The Telco cloud Manifesto: A growth enabler in the Coordination Age

In 2018 STL partners coined the term Coordination Age to describe how connectivity between people, computers, applications and ‘things’ is generating volumes of analysable data and how the use of advanced analytics and artificial intelligence would create the conditions enabling governments, enterprises, and consumers to understand the world in ways which would be game-changing for society.  A world where resources are better distributed and used more effectively than ever before leading to substantial social, economic, and health benefits.

A critical component of the Coordination Age is the universal availability of flexible, fast, reliable, low-latency networks that support a myriad of applications which, in turn, enable a complex array of communications, decisions, transactions, and processes to be completed quickly and, in many cases, automatically without human intervention.  The network remains key: if it is not fit for purpose the ability to match demand and supply real-time is impossible.

The historical ecosystem of relationships between telcos and their hardware and software suppliers has highlighted the constraints telcos face in embracing the Coordination Age. A relationship where proprietary, siloed vertical solutions and an over reliance on one supplier has left operator networks susceptible to inflexibilities and created challenges in terms of speed of innovation and adaptability. As a result, nimble internet players are capturing commercial opportunities where value increasingly comes from service innovation rather than heavy capital expenditure on the network.

The Coordination Age requires more from the network than ever before – applications require the network to be flexible, accessible and support a range of technical and commercial options. Applications cannot run independently of the network but need to integrate with it. The network must be able to impart actionable insights and flex its speed, bandwidth, latency, security, business model and countless other variables quickly and autonomously to meet the needs of applications using it.

The Telco Cloud is the enabler of this future age and represents the move to a network built on common off-the-shelf hardware and flexible interoperable software from best-of-breed suppliers that runs wherever it is needed.

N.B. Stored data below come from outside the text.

Lemma free_var_lt_bound f : forall j, free_in j f -> j < formula_bound f.
Proof.
  induction f as [t1 t2 | | g IH | g IHg h IHh | g IHg h IHh | g IHg h IHh | n g IH | n g IH];
    cbn [free_in formula_bound]; intros j H.
  - destruct H as [H | H]; apply term_var_lt_bound in H; lia.
  - contradiction.
  - exact (IH j H).
  - destruct H as [H | H]; [apply IHg in H | apply IHh in H]; lia.
  - destruct H as [H | H]; [apply IHg in H | apply IHh in H]; lia.
  - destruct H as [H | H]; [apply IHg in H | apply IHh in H]; lia.
  - destruct H as [_ H]; apply IH in H; lia.
  - destruct H as [_ H]; apply IH in H; lia.
Qed.

Lemma eval_term_agree (M : algebra) t : forall v w : nat -> M,
  (forall j, term_has_var j t -> v j = w j) -> eval_term M v t = eval_term M w t.
Proof.
  induction t as [n | b t1 IH1 t2 IH2 | u t1 IH]; simpl; intros v w Hvw.
  - apply Hvw; reflexivity.
  - rewrite (IH1 v w), (IH2 v w) by auto; reflexivity.
  - rewrite (IH v w Hvw); reflexivity.
Qed.

Lemma update_agree {A : Type} (P : nat -> Prop) n (v w : nat -> A) a :
  (forall j, n <> j /\ P j -> v j = w j) ->
  forall j, P j -> update v n a j = update w n a j.
Proof.
  intros Hvw j Hj; unfold update.
  destruct (Nat.eqb_spec j n) as [-> | Hne]; [reflexivity |].
  apply Hvw; split; [congruence | exact Hj].
Qed.

Lemma sat_agree (M : algebra) f : forall v w : nat -> M,
  (forall j, free_in j f -> v j = w j) -> (sat M v f <-> sat M w f).
Proof.
  induction f as [t1 t2 | | g IH | g IHg h IHh | g IHg h IHh | g IHg h IHh | n g IH | n g IH];
    simpl; intros v w Hvw.
  - rewrite (eval_term_agree M t1 v w), (eval_term_agree M t2 v w) by auto; tauto.
  - tauto.
  - rewrite (IH v w Hvw); tauto.
  - rewrite (IHg v w), (IHh v w) by auto; tauto.
  - rewrite (IHg v w), (IHh v w) by auto; tauto.
  - rewrite (IHg v w), (IHh v w) by auto; tauto.
  - assert (K : forall a, sat M (update v n a) g <-> sat M (update w n a) g)
      by (intro a; apply IH, update_agree, Hvw).
    split; intros [a Ha]; exists a; apply K, Ha.
  - assert (K : forall a, sat M (update v n a) g <-> sat M (update w n a) g)
      by (intro a; apply IH, update_agree, Hvw).
    split; intros Ha a; apply K, Ha.
Qed.

Definition embedding (M N : algebra) (k : M -> N) : Prop :=
  (forall a b, k a = k b -> a = b) /\
  (forall o a b, k (bin M o a b) = bin N o (k a) (k b)) /\
  (forall o a, k (un M o a) = un N o (k a)).

Lemma eval_term_embedding (M N : algebra) (k : M -> N) (v : nat -> M) t :
  embedding M N k -> eval_term N (fun j => k (v j)) t = k (eval_term M v t).
Proof.
  intros [_ [Hbin Hun]]; induction t as [n | b t1 IH1 t2 IH2 | u t1 IH]; simpl.
  - reflexivity.
  - rewrite IH1, IH2, Hbin; reflexivity.
  - rewrite IH, Hun; reflexivity.
Qed.

Lemma sat_qf_embedding (M N : algebra) (k : M -> N) : embedding M N k ->
  forall f, quantifier_free f ->
  forall v, sat N (fun j => k (v j)) f <-> sat M v f.
Proof.
  intros Hk f;
    induction f as [t1 t2 | | g IH | g IHg h IHh | g IHg h IHh | g IHg h IHh | n g IH | n g IH];
    simpl; intros Hqf v.
  - rewrite !(eval_term_embedding M N k v) by exact Hk.
    split; [apply (proj1 Hk) | intros ->; reflexivity].
  - tauto.
  - rewrite (IH Hqf v); tauto.
  - destruct Hqf as [Hg Hh]; rewrite (IHg Hg v), (IHh Hh v); tauto.
  - destruct Hqf as [Hg Hh]; rewrite (IHg Hg v), (IHh Hh v); tauto.
  - destruct Hqf as [Hg Hh]; rewrite (IHg Hg v), (IHh Hh v); tauto.
  - contradiction.
  - contradiction.
Qed.

Lemma update_map {A B : Type} (k : A -> B) (v : nat -> A) n a :
  update (fun j => k (v j)) n (k a) = (fun j => k (update v n a j)).
Proof.
  apply functional_extensionality; intro j; unfold update; destruct (Nat.eqb j n); reflexivity.
Qed.

Lemma sat_E_embedding (M N : algebra) (k : M -> N) : embedding M N k ->
  forall f, is_E f -> forall v, sat M v f -> sat N (fun j => k (v j)) f.
Proof.
  intros Hk f Hf; induction Hf as [f Hqf | n f Hf IH]; intros v Hv.
  - apply (sat_qf_embedding M N k Hk f Hqf v), Hv.
  - destruct Hv as [a Ha]; exists (k a); rewrite update_map; exact (IH _ Ha).
Qed.

Definition locally_covered (M N : algebra) (i : M -> N) : Prop :=
  forall (p : nat -> M) (q : nat -> N) (n : nat), exists k, embedding M N k /\
    (forall j, j < n -> k (p j) = i (p j)) /\
    (exists u : nat -> M, forall j, j < n -> k (u j) = q j).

The chart describes how the Telco Cloud will become a growth enabler for operators as it represents:

  • A new approach to the network
  • A fundamental shift in what it means to be an operator, in terms of technology, culture, processes, decision making and overall company organisation
  • A driver of future telecoms differentiation and growth;

STL’s recent report The Telco Cloud Manifesto discusses the challenges in realising the telco cloud vision and acknowledges that not all operators can take the same path or approach to more virtualised networks. The report offers three generic telco cloud implementation models for operators to consider in order to maximise the benefits of telco cloud while minimising implementation risks.